The first day of another round of pretrial motions in the trial of Khalid Sheik Mohammed, the self-professed mastermind of the Sept. 11, 2001, attacks, and his four co-defendants, was plagued with technical problems. (AP)
Who controls what the public and reporters can see and hear at the military commissions at Guantanamo Bay, Cuba? Is there an invisible hand, unknown to even the military judge, that can switch off audio and video feeds?
Those questions arose Monday on the first day of another round of pretrial motions in the trial of Khalid Sheik Mohammed, the self-professed mastermind of the Sept. 11, 2001, attacks, and his four co-defendants.
David Nevin, one of Mohammed’s civilian attorneys, was discussing a defense motion to preserve any evidence from the secret overseas prisons where the defendants were held by the CIA. The motion had been declassified, but Nevin had barely gotten a sentence out when the audio feed to the media centers on base and at Fort Meade was smothered in white noise. Then the video of the courtroom was cut.

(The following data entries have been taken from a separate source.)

(* Let $d \ge 1$ and let $\beta=(\beta_1,\ldots,\beta_{d+1})$ be an optimal solution of the problem of minimizing $\beta_1\cdots\beta_d$ over all $(\beta_1,\dots,\beta_{d+1}) \in \mathbb{R}^{d+1}$ satisfying $\beta_1 \ge \cdots \ge \beta_{d+1} \ge 0$, $\beta_1+\cdots+\beta_{d+1}=1$, and, for every $t \in \{1,\dots,d\}$, \[ \mathrm{PS}(t):\quad \prod_{i=1}^t (\beta_i - \beta_{d+1}) \le \sum_{j=t+1}^{d+1} (\beta_j - \beta_{d+1}) + (d+1)\beta_{d+1}. \] Then there exists $\ell \in \{0,\ldots,d\}$ such that (a) $\beta_t = \beta_{t+1}$ for every $t$ with $\ell+1 \le t \le d$, and (b) $\mathrm{PS}(t)$ holds with equality for every $t$ with $1 \le t \le \ell-1$. *)

From mathcomp Require Import all_boot all_order all_algebra.
Set Implicit Arguments. Unset Strict Implicit. Unset Printing Implicit Defensive.
Import Order.TTheory GRing.Theory Num.Theory.
Local Open Scope ring_scope.

(* A point beta of R^{d+1} is represented as b : nat -> R, with
   beta_i = b i for 1 <= i <= d+1; values outside 1..d+1 are irrelevant. *)

Definition PS_lhs {R : realFieldType} (d : nat) (b : nat -> R) (t : nat) : R :=
  \prod_(1 <= i < t.+1) (b i - b d.+1).
Definition PS_rhs {R : realFieldType} (d : nat) (b : nat -> R) (t : nat) : R :=
  \sum_(t.+1 <= j < d.+2) (b j - b d.+1) + d.+1%:R * b d.+1.
Definition PS {R : realFieldType} (d : nat) (b : nat -> R) (t : nat) : Prop :=
  PS_lhs d b t <= PS_rhs d b t.

Definition feasible {R : realFieldType} (d : nat) (b : nat -> R) : Prop :=
  (forall i, (1 <= i <= d)%N -> b i.+1 <= b i) /\
  0 <= b d.+1 /\
  \sum_(1 <= i < d.+2) b i = 1 /\
  (forall t, (1 <= t <= d)%N -> PS d b t).

Definition objective {R : realFieldType} (d : nat) (b : nat -> R) : R :=
  \prod_(1 <= i < d.+1) b i.

Definition optimal {R : realFieldType} (d : nat) (b : nat -> R) : Prop :=
  feasible d b /\ forall b' : nat -> R, feasible d b' -> objective d b <= objective d b'.

From mathcomp Require Import all_boot all_order all_algebra.
From mathcomp Require Import reals.
From mathcomp Require Import zify ring lra.
Set Implicit Arguments. Unset Strict Implicit. Unset Printing Implicit Defensive.
Import Order.TTheory GRing.Theory Num.Theory.
Local Open Scope ring_scope.

(* Let c = b_(d+1) and let m be the first index with b_m = c; take l = m - 1,
   so that (a) holds because b is nonincreasing.  For (b), suppose PS(t) is
   slack for some t < m - 1.  The slack rhs(s) - lhs(s) is nonnegative and, on
   every run where b is constant, concave in s; hence it stays positive from
   the start p of the run of b_t to the end q of the run of b_(t+1).  Moving a
   small e > 0 from b_q to b_p keeps b sorted with the same sum, leaves PS(s)
   unchanged for s < p, uses less than the slack for p <= s < q, and only
   decreases lhs(s) for s >= q.  But it lowers b_p b_q, hence the objective,
   which is positive because every feasible point has b_(d+1) > 0. *)

Lemma big_nat_update (T : Type) (idx : T) (op : Monoid.com_law idx)
    m n j (F G : nat -> T) :
  (m <= j < n)%N -> (forall i, i != j -> G i = F i) ->
  op (\big[op/idx]_(m <= i < n) G i) (F j) =
  op (G j) (\big[op/idx]_(m <= i < n) F i).
Proof.
move=> jmn GF; rewrite !(bigD1_seq j) ?mem_index_iota ?iota_uniq //.
rewrite (eq_bigr F) => [|i /GF //].
by rewrite -Monoid.mulmA Monoid.mulmC.
Qed.

Lemma nondecn_segment_le (R : numDomainType) (g : nat -> R) m n :
  (m <= n)%N -> (forall k, (m <= k < n)%N -> g k <= g k.+1) -> g m <= g n.
Proof.
move=> mn g_incr; rewrite -subr_ge0 -telescope_sumr // big_nat.
by apply: sumr_ge0 => k /g_incr; rewrite subr_ge0.
Qed.

Lemma exists_pos_minorant (R : realDomainType) (x : R) (f : nat -> R) m n :
  0 < x -> (forall s, (m <= s < n)%N -> 0 < f s) ->
  exists2 e, 0 < e /\ e <= x & forall s, (m <= s < n)%N -> e <= f s.
Proof.
move=> x_gt0 f_gt0; exists (\big[Order.min/x]_(m <= s < n) f s).
  split; last exact: bigmin_le_id.
  by rewrite big_nat; apply: lt_bigmin.
by move=> s smn; apply: ge_bigmin_seq; rewrite ?mem_index_iota.
Qed.

Section DiscreteConcavity.
Variables (R : realDomainType) (g : nat -> R) (u w : nat).
Hypothesis g_concave :
  forall s, (u <= s)%N -> (s.+2 <= w)%N -> g s.+2 - g s.+1 <= g s.+1 - g s.

Lemma concave_diff_le i j :
  (u <= i <= j)%N -> (j < w)%N -> g j.+1 - g j <= g i.+1 - g i.
Proof.
elim: j => [|j IH] /andP[ui ij] jw; first by have -> : i = 0%N by lia.
have [->|ij'] := eqVneq i j.+1; first exact: lexx.
apply: le_trans (g_concave (s := j) _ _) (IH _ _); lia.
Qed.

Lemma concave_ge0_gt0 t s :
  (forall k, (u <= k <= w)%N -> 0 <= g k) ->
  (u <= t <= w)%N -> 0 < g t -> (u < s < w)%N -> 0 < g s.
Proof.
move=> g_ge0 utw gt_gt0 usw; rewrite ltNge; apply/negP => gs_le0.
have [ts|st] := ltnP t s.
- have slope_ge0 : 0 <= g s.+1 - g s.
    by rewrite subr_ge0 (le_trans gs_le0) ?g_ge0 //; lia.
  suff : g t <= g s by lra.
  apply: nondecn_segment_le (ltnW ts) _ => k tks.
  by rewrite -subr_ge0 (le_trans slope_ge0) ?concave_diff_le //; lia.
- case: s usw gs_le0 st => [|s] usw gs_le0 st; first lia.
  have slope_le0 : g s.+1 - g s <= 0.
    by rewrite subr_le0 (le_trans gs_le0) ?g_ge0 //; lia.
  suff : - g s.+1 <= - g t by lra.
  apply: (@nondecn_segment_le _ (fun k => - g k)) st _ => k sk.
  by rewrite lerN2 -subr_le0 (le_trans _ slope_le0) ?concave_diff_le //; lia.
Qed.

End DiscreteConcavity.

Section PSAlgebra.
Variables (R : realFieldType) (d : nat) (b : nat -> R).

Definition PS_slack t := PS_rhs d b t - PS_lhs d b t.

Lemma PS_lhs0 : PS_lhs d b 0 = 1.
Proof. by rewrite /PS_lhs big_geq. Qed.

Lemma PS_lhsS t : PS_lhs d b t.+1 = PS_lhs d b t * (b t.+1 - b d.+1).
Proof. by rewrite /PS_lhs big_nat_recr. Qed.

Lemma PS_rhsS t : (t <= d)%N ->
  PS_rhs d b t = (b t.+1 - b d.+1) + PS_rhs d b t.+1.
Proof. by move=> td; rewrite /PS_rhs big_ltn ?ltnS // addrA. Qed.

Lemma PS_rhs0 : \sum_(1 <= i < d.+2) b i = 1 -> PS_rhs d b 0 = 1.
Proof.
move=> sum_b; rewrite /PS_rhs sumrB sum_b sumr_const_nat subSS subn0.
by rewrite mulr_natl subrK.
Qed.

(* The second difference of the slack at t is - lhs(t) (1 - x)^2, where
   x = b_(t+1) - b_(d+1) = b_(t+2) - b_(d+1). *)
Lemma PS_slack_concave t : (t < d)%N -> b t.+1 = b t.+2 ->
  0 <= PS_lhs d b t ->
  PS_slack t.+2 - PS_slack t.+1 <= PS_slack t.+1 - PS_slack t.
Proof.
move=> td b_eq lhs_ge0; rewrite /PS_slack (@PS_rhsS t (ltnW td)) (@PS_rhsS t.+1 td).
rewrite !PS_lhsS b_eq; set x := b t.+2 - b d.+1.
have : 0 <= PS_lhs d b t * (1 - x) ^+ 2 by rewrite mulr_ge0 ?sqr_ge0.
by rewrite expr2; nra.
Qed.

End PSAlgebra.

Section Feasible.
Variables (R : realFieldType) (d : nat) (b : nat -> R).
Hypothesis b_feas : feasible d b.

Lemma feasible_le i j : (1 <= i <= j)%N -> (j <= d.+1)%N -> b j <= b i.
Proof.
case: b_feas => b_sorted _ /andP[i1 ij] jd.
rewrite -lerN2; apply: (@nondecn_segment_le _ (fun k => - b k)) ij _ => k ikj.
by rewrite lerN2 b_sorted //; lia.
Qed.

When the feeds were restored several minutes later, Judge James Pohl, an Army colonel, seemed perplexed as to not only why Nevin was censored but by whom. Pohl said he did not cut off the feed, and it did not appear that the court security officer who sits beside him did, either.

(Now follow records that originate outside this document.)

(* There exist metric spaces $(X,p)$, $(Y,d)$ and a multi-valued function $F: X \Rightarrow Y$ such that there is no metric $d_F$ on the set $F[X] = \{F(x) : x\in X\}$ with the property that for every $x \in X$, the single-valued map $x' \mapsto F(x')$ from $(X,p)$ to $(F[X], d_F)$ is continuous at $x$ (in the usual sense) if and only if $F$ is continuous at $x$ as a multi-valued function.
   Context: A multi-valued function $F: X \Rightarrow Y$ assigns to each $x$ a nonempty set $F(x)\subseteq Y$. $F$ is continuous at $x$ (as a multi-valued function) if there is some $y \in F(x)$ such that for every $\varepsilon>0$ there is $\delta>0$ such that for every $x' \in B_p(x,\delta)$ there is $y' \in F(x')$ with $d(y,y')<\varepsilon$. *)

From Stdlib Require Import Reals.
Open Scope R_scope.

Definition is_metric {T : Type} (d : T -> T -> R) : Prop :=
  (forall x y, 0 <= d x y) /\
  (forall x y, d x y = 0 <-> x = y) /\
  (forall x y, d x y = d y x) /\
  (forall x y z, d x z <= d x y + d y z).

Definition is_metric_on {T : Type} (S : T -> Prop) (d : T -> T -> R) : Prop :=
  (forall x y, S x -> S y -> 0 <= d x y) /\
  (forall x y, S x -> S y -> (d x y = 0 <-> x = y)) /\
  (forall x y, S x -> S y -> d x y = d y x) /\
  (forall x y z, S x -> S y -> S z -> d x z <= d x y + d y z).

Definition multi_valued {X Y : Type} (F : X -> Y -> Prop) : Prop :=
  forall x, exists y, F x y.

Definition mv_image {X Y : Type} (F : X -> Y -> Prop) : (Y -> Prop) -> Prop :=
  fun A => exists x, A = F x.

Definition cont_at {X Z : Type} (p : X -> X -> R) (dZ : Z -> Z -> R)
  (f : X -> Z) (x : X) : Prop :=
  forall eps, 0 < eps -> exists delta, 0 < delta /\
    forall x', p x x' < delta -> dZ (f x) (f x') < eps.

Definition mv_cont_at {X Y : Type} (p : X -> X -> R) (d : Y -> Y -> R)
  (F : X -> Y -> Prop) (x : X) : Prop :=
  exists y, F x y /\
    forall eps, 0 < eps -> exists delta, 0 < delta /\
      forall x', p x x' < delta -> exists y', F x' y' /\ d y y' < eps.

(* Take X = Y = R and let F(0) = {0}, F(x) = {0, 1} for x <> 0.  F is continuous
   at 0 as a multi-valued function (the value 0 is available everywhere), but the
   set-valued map x |-> F(x) takes the constant value F(1) <> F(0) on a punctured
   neighbourhood of 0, so it is discontinuous at 0 for every metric on F[X]. *)
From Stdlib Require Import Reals Lra FunctionalExtensionality PropExtensionality.
Open Scope R_scope.

Lemma R_dist_is_metric : is_metric R_dist.
Proof.
  split; [|split; [|split]].
  - intros; apply Rge_le, R_dist_pos.
  - intros; apply R_dist_refl.
  - intros; apply R_dist_sym.
  - intros; apply R_dist_tri.
Qed.

Lemma metric_on_dist_pos {T : Type} (S : T -> Prop) (d : T -> T -> R) (a b : T) :
  is_metric_on S d -> S a -> S b -> a <> b -> 0 < d a b.
Proof.
  intros [d_ge0 [d_eq0 _]] Sa Sb a_neq_b.
  destruct (Rle_lt_or_eq_dec 0 (d a b) (d_ge0 a b Sa Sb)) as [pos|zero]; [exact pos|].
  exfalso; apply a_neq_b, (d_eq0 a b Sa Sb); auto.
Qed.

Lemma not_cont_at_punctured_const {Z : Type} (S : Z -> Prop) (dZ : Z -> Z -> R)
    (f : R -> Z) (x0 : R) (a : Z) :
  is_metric_on S dZ -> S (f x0) -> S a -> f x0 <> a ->
  (forall x, x <> x0 -> f x = a) -> ~ cont_at R_dist dZ f x0.
Proof.
  intros metric_dZ S_fx0 Sa fx0_neq_a f_const cont.
  destruct (cont _ (metric_on_dist_pos S dZ _ _ metric_dZ S_fx0 Sa fx0_neq_a))
    as [delta [delta_pos close]].
  assert (near : R_dist x0 (x0 + delta / 2) < delta).
  { unfold R_dist; rewrite Rabs_left by lra; lra. }
  specialize (close _ near); rewrite (f_const (x0 + delta / 2)) in close by lra; lra.
Qed.

Definition jump_mv (x y : R) : Prop := y = 0 \/ (x <> 0 /\ y = 1).

Lemma jump_mv_nonzero (x : R) : x <> 0 -> jump_mv x = jump_mv 1.
Proof.
  intro x_neq0; apply functional_extensionality; intro y;
    apply propositional_extensionality; unfold jump_mv.
  split; intros [y0 | [_ y1]]; auto; right; split; auto; lra.
Qed.

Lemma jump_mv_0_neq_1 : jump_mv 0 <> jump_mv 1.
Proof.
  intro E; assert (one_in : jump_mv 1 1) by (right; split; lra).
  rewrite <- E in one_in; destruct one_in as [H | [H _]]; lra.
Qed.

Lemma jump_mv_multi_valued : multi_valued jump_mv.
Proof. intro x; exists 0; left; reflexivity. Qed.

Lemma jump_mv_cont_at_0 : mv_cont_at R_dist R_dist jump_mv 0.
Proof.
  exists 0; split; [left; reflexivity|].
  intros eps eps_pos; exists 1; split; [lra|].
  intros x' _; exists 0; split; [left; reflexivity|].
  rewrite (proj2 (R_dist_refl 0 0) eq_refl); exact eps_pos.
Qed.

Lemma jump_mv_image_not_cont_at_0 (dF : (R -> Prop) -> (R -> Prop) -> R) :
  is_metric_on (mv_image jump_mv) dF -> ~ cont_at R_dist dF jump_mv 0.
Proof.
  intro metric_dF.
  apply (not_cont_at_punctured_const _ _ _ _ (jump_mv 1) metric_dF).
  - exists 0; reflexivity.
  - exists 1; reflexivity.
  - exact jump_mv_0_neq_1.
  - exact jump_mv_nonzero.
Qed.

Theorem corollary2p7 :
  exists (X Y : Type) (p : X -> X -> R) (d : Y -> Y -> R) (F : X -> Y -> Prop),
    is_metric p /\ is_metric d /\ multi_valued F /\
    ~ exists dF : (Y -> Prop) -> (Y -> Prop) -> R,
        is_metric_on (mv_image F) dF /\
        forall x : X, cont_at p dF F x <-> mv_cont_at p d F x.
Proof.
  exists R, R, R_dist, R_dist, jump_mv.
  split; [exact R_dist_is_metric|].
  split; [exact R_dist_is_metric|].
  split; [exact jump_mv_multi_valued|].
  intros [dF [metric_dF cont_iff]].
  apply (jump_mv_image_not_cont_at_0 dF metric_dF).
  apply cont_iff, jump_mv_cont_at_0.
Qed.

Nevin and other defense attorneys said they wanted to know whether there was some mysterious entity monitoring the proceedings — and whether that entity might be listening to communications between the lawyers and their clients.
Joanna Baltes, a Justice Department lawyer working on the prosecution team, said she could explain what transpired — but not in public.
Shortly after the court went into closed session, Pohl said that if what happened could be explained in public he would do so when open session resumes Tuesday. At the closed session, the lawyers and the judge also planned to discuss whether some or all of the argument over Nevin’s motion could be heard in public.
There are 166 detainees remaining at Guantanamo, including Mohammed, but the Obama administration’s efforts to close the facility have stalled in the face of congressional resistance.
On Friday, the administration announced that the duties of Daniel Fried, the State Department’s special envoy on Guantanamo, would be assumed by the department’s Office of the Legal Adviser. Fried, who is being reassigned as coordinator for sanctions policy, had been charged with attempting to resettle detainees cleared for release.